**About this exercise**: Among the records, which lines hold the word "facets"? Pick them out.
*** Opening of Records shown ***
(* Let $m\ge 3$ and let $K\ne\Delta_{[m]}$ be a simplicial complex on $[m]$. If $\mathrm{Bier}(K)$ is a weak suspension but not a suspension, then $\chi(\mathrm{Bier}(K))=m$.
   Context: A simplicial complex $K$ on $[m]=\{1,\dots,m\}$ is a nonempty family of subsets of $[m]$ closed under taking subsets; $V(K)=\{i:\{i\}\in K\}$. $\Delta_{[m]}=2^{[m]}$. Let $[m']=\{1',\dots,m'\}$ be a disjoint copy of $[m]$, $I'=\{i':i\in I\}$. For $K\ne\Delta_{[m]}$ the Alexander dual $K^\vee$ is the complex on $[m']$ with $J'\in K^\vee$ iff $[m]\setminus J\notin K$. The Bier sphere $\mathrm{Bier}(K)$ is the complex on $[m]\sqcup[m']$ with faces $I\sqcup J'$, $I\in K$, $J'\in K^\vee$, $I\cap J=\varnothing$. The chromatic number $\chi(L)$ is the least number of colors in a map $c\colon V(L)\to C$ with $c(u)\ne c(v)$ whenever $\{u,v\}\in L$. A complex $L$ is a weak suspension if there exist distinct $a,b\in V(L)$ with $\{a,b\}\notin L$ such that each of $a,b$ forms an edge of $L$ with every vertex of $V(L)\setminus\{a,b\}$. $L$ (on vertex set $W$) is a suspension if there exist distinct $v,w\in W$ with $L=\{\varnothing,\{v\},\{w\}\}*\bigl(L\cap 2^{W\setminus\{v,w\}}\bigr)$, where $*$ denotes the join $K_1*K_2=\{\sigma_1\sqcup\sigma_2:\sigma_j\in K_j\}$. *)

From mathcomp Require Import all_boot.
Set Implicit Arguments. Unset Strict Implicit. Unset Printing Implicit Defensive.

Definition simplicial_complex (T : finType) (K : {set {set T}}) : Prop :=
  K != set0 /\ forall A B : {set T}, A \in K -> B \subset A -> B \in K.

Definition full_simplex (T : finType) : {set {set T}} := powerset [set: T].

Definition vertices (T : finType) (L : {set {set T}}) : {set T} :=
  [set x | [set x] \in L].

(* Alexander dual on the primed copy [m'] (modelled again by 'I_m):
   J' \in K^vee iff [m] \ J \notin K. *)
Definition alexander_dual (m : nat) (K : {set {set 'I_m}}) : {set {set 'I_m}} :=
  [set J : {set 'I_m} | ~: J \notin K].

(* Bier sphere on [m] \sqcup [m'] = 'I_m + 'I_m (inl i = i, inr i = i'):
   faces I \sqcup J' with I \in K, J' \in K^vee, I \cap J = \emptyset. *)
Definition bier (m : nat) (K : {set {set 'I_m}}) : {set {set ('I_m + 'I_m)%type}} :=
  [set S : {set ('I_m + 'I_m)%type} |
     [&& [set i | inl i \in S] \in K,
         [set j | inr j \in S] \in alexander_dual K &
         [disjoint [set i | inl i \in S] & [set j | inr j \in S]]]].

Definition proper_coloring (T : finType) (L : {set {set T}}) (k : nat)
    (c : T -> nat) : Prop :=
  (forall x, x \in vertices L -> c x < k) /\
  (forall u v, u != v -> [set u; v] \in L -> c u != c v).

Definition colorable (T : finType) (L : {set {set T}}) (k : nat) : Prop :=
  exists c : T -> nat, proper_coloring L k c.

Definition chromatic_number_is (T : finType) (L : {set {set T}}) (k : nat) : Prop :=
  colorable L k /\ forall j, colorable L j -> k <= j.

Definition weak_suspension (T : finType) (L : {set {set T}}) : Prop :=
  exists a b : T, [/\ a \in vertices L, b \in vertices L, a != b,
    [set a; b] \notin L &
    forall v, v \in vertices L -> v != a -> v != b ->
      [set a; v] \in L /\ [set b; v] \in L].

(* L = {emptyset,{v},{w}} * (L \cap 2^{W \ {v,w}}) (the join). *)
Definition suspension (T : finType) (L : {set {set T}}) : Prop :=
  exists v w : T, v != w /\
    forall S : {set T}, S \in L <->
      exists2 A : {set T}, (A \in L /\ v \notin A /\ w \notin A) &
        (S = A \/ S = v |: A \/ S = w |: A).

From mathcomp Require Import all_boot zify.
Set Implicit Arguments. Unset Strict Implicit. Unset Printing Implicit Defensive.

(* Colouring [i] and [i'] alike is proper, as no face of Bier(K) contains both,
   so m colours suffice. Bier(K) is pure with facets of m - 1 vertices, and every
   ridge lies in at least two facets. With fewer than m colours every facet uses
   all colours, so a facet missing both a and b would contain a vertex coloured
   like a and adjacent to it; hence every facet meets {a, b}. Exchanging vertices
   across ridges then shows that every face missing a and b is coned off by both,
   i.e. Bier(K) is the suspension over {a, b}. *)

Lemma card_lt_inj_avoid (T : finType) (S : {set T}) (f : T -> nat) (n k : nat) :
  {in S &, injective f} -> {in S, forall x, f x < n} -> k < n ->
  {in S, forall x, f x != k} -> #|S| < n.
Proof.
move=> f_inj f_lt k_lt f_neq.
have : #|S| <= size (rem k (iota 0 n)).
  rewrite cardE -(size_map f); apply: uniq_leq_size.
    by rewrite map_inj_in_uniq ?enum_uniq // => x y; rewrite !mem_enum; apply: f_inj.
  move=> y /mapP[x]; rewrite mem_enum => Sx ->.
  by rewrite (mem_rem_uniq _ (iota_uniq 0 n)) !inE f_neq //= mem_iota f_lt.
by rewrite size_rem ?size_iota ?mem_iota //; lia.
Qed.

Lemma maximal_face_below (T : finType) (K : {set {set T}}) (I U : {set T}) :
  I \in K -> I \subset U -> U \notin K ->
  exists (I' : {set T}) (x : T),
    [/\ I \subset I', I' \subset U, I' \in K, x \in U :\: I' & x |: I' \notin K].
Proof.
move=> KI sIU KU.
pose P X := [&& X \in K, I \subset X & X \subset U].
have PI : exists X, P X by exists I; rewrite /P KI subxx.
have [I' /maxsetP[/and3P[KI' sII' sI'U] maxI']] := ex_maxset PI.
have [x /setDP[Ux I'x]] : exists x, x \in U :\: I'.
  apply/set0Pn; rewrite setD_eq0; apply: contraNN KU => sUI'.
  by have -> : U = I' by apply/eqP; rewrite eqEsubset sUI'.
exists I', x; split; rewrite ?inE ?I'x ?Ux //.
apply: contraNN I'x => KxI'.
have PxI' : P (x |: I').
  by rewrite /P KxI' (subset_trans sII' (subsetUr _ _)) subUset sub1set Ux.
by rewrite -(maxI' _ PxI' (subsetUr _ _)) setU11.
Qed.

Section SimplicialComplex.
Variables (T : finType) (L : {set {set T}}).
Hypothesis HL : simplicial_complex L.

Lemma face_subset (F S : {set T}) : F \in L -> S \subset F -> S \in L.
Proof. by case: HL => _; apply. Qed.

Lemma face_vertex (F : {set T}) x : F \in L -> x \in F -> x \in vertices L.
Proof. by move=> LF Fx; rewrite inE (face_subset LF) ?sub1set. Qed.

Lemma face_edge (F : {set T}) x y : F \in L -> x \in F -> y \in F -> [set x; y] \in L.
Proof. by move=> LF Fx Fy; rewrite (face_subset LF) // subUset !sub1set Fx. Qed.

Lemma proper_coloring_face_surj k c (F : {set T}) v :
  proper_coloring L k c -> F \in L -> k <= #|F| -> v \in vertices L ->
  exists2 x, x \in F & c x = c v.
Proof.
move=> [c_lt c_edge] LF kF Lv.
case: (pickP [pred x in F | c x == c v]) => [x /andP[Fx /eqP] | none]; first by exists x.
suff : #|F| < k by rewrite ltnNge kF.
apply: (card_lt_inj_avoid (f := c) (k := c v)); last 2 first.
- exact: c_lt.
- by move=> x Fx; have := none x; rewrite /= Fx => /negbT.
- move=> x y Fx Fy; apply: contra_eq => xy.
  exact: c_edge xy (face_edge LF Fx Fy).
- by move=> x Fx; apply/c_lt/(face_vertex LF).
Qed.

Lemma large_face_meets_pair k c a b (G : {set T}) :
  proper_coloring L k c -> a \in vertices L ->
  (forall v, v \in vertices L -> v != a -> v != b -> [set a; v] \in L) ->
  G \in L -> k <= #|G| -> (a \in G) || (b \in G).
Proof.
move=> col La a_adj LG kG; apply/norP => -[aG bG].
have [x Gx cxa] := proper_coloring_face_surj col LG kG La.
have xa : x != a by apply: contraNneq aG => <-.
have xb : x != b by apply: contraNneq bG => <-.
have ax : [set a; x] \in L by rewrite a_adj // (face_vertex LG Gx).
by move: (col.2 a x); rewrite eq_sym xa cxa eqxx => /(_ isT ax).
Qed.

Lemma suspension_of_cones v w : v != w -> [set v; w] \notin L ->
  (forall A, A \in L -> v \notin A -> w \notin A -> v |: A \in L /\ w |: A \in L) ->
  suspension L.
Proof.
move=> vw Lvw cones; exists v, w; split=> // S; split=> [LS|[A [LA [vA wA]] [->|[->|->]]]].
- have [vS|vS] := boolP (v \in S); last have [wS|wS] := boolP (w \in S).
  + have wS : w \notin S by apply: contraNN Lvw; apply: face_edge.
    exists (S :\ v); last by right; left; rewrite setD1K.
    by rewrite (face_subset LS) ?subD1set // !inE eqxx (negbTE wS) andbF.
  + exists (S :\ w); last by right; right; rewrite setD1K.
    by rewrite (face_subset LS) ?subD1set // !inE eqxx (negbTE vS) andbF.
  + by exists S; [split | left].
- by [].
- by case: (cones A LA vA wA).
- by case: (cones A LA vA wA).
Qed.
End SimplicialComplex.

Section PureComplex.
Variables (T : finType) (L : {set {set T}}) (n : nat).
Hypothesis HL : simplicial_complex L.
Hypothesis L_pure :
  forall S, S \in L -> exists F : {set T}, [/\ S \subset F, F \in L & #|F| = n].
Hypothesis L_ridge : forall (R : {set T}) (b : T), R \in L -> #|R|.+1 = n ->
  exists x : T, [/\ x \notin R, x != b & x |: R \in L].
*** Close of Records shown ***
**Result below**:
   so m colours suffice. Bier(K) is pure with facets of m - 1 vertices, and every
   ridge lies in at least two facets. With fewer than m colours every facet uses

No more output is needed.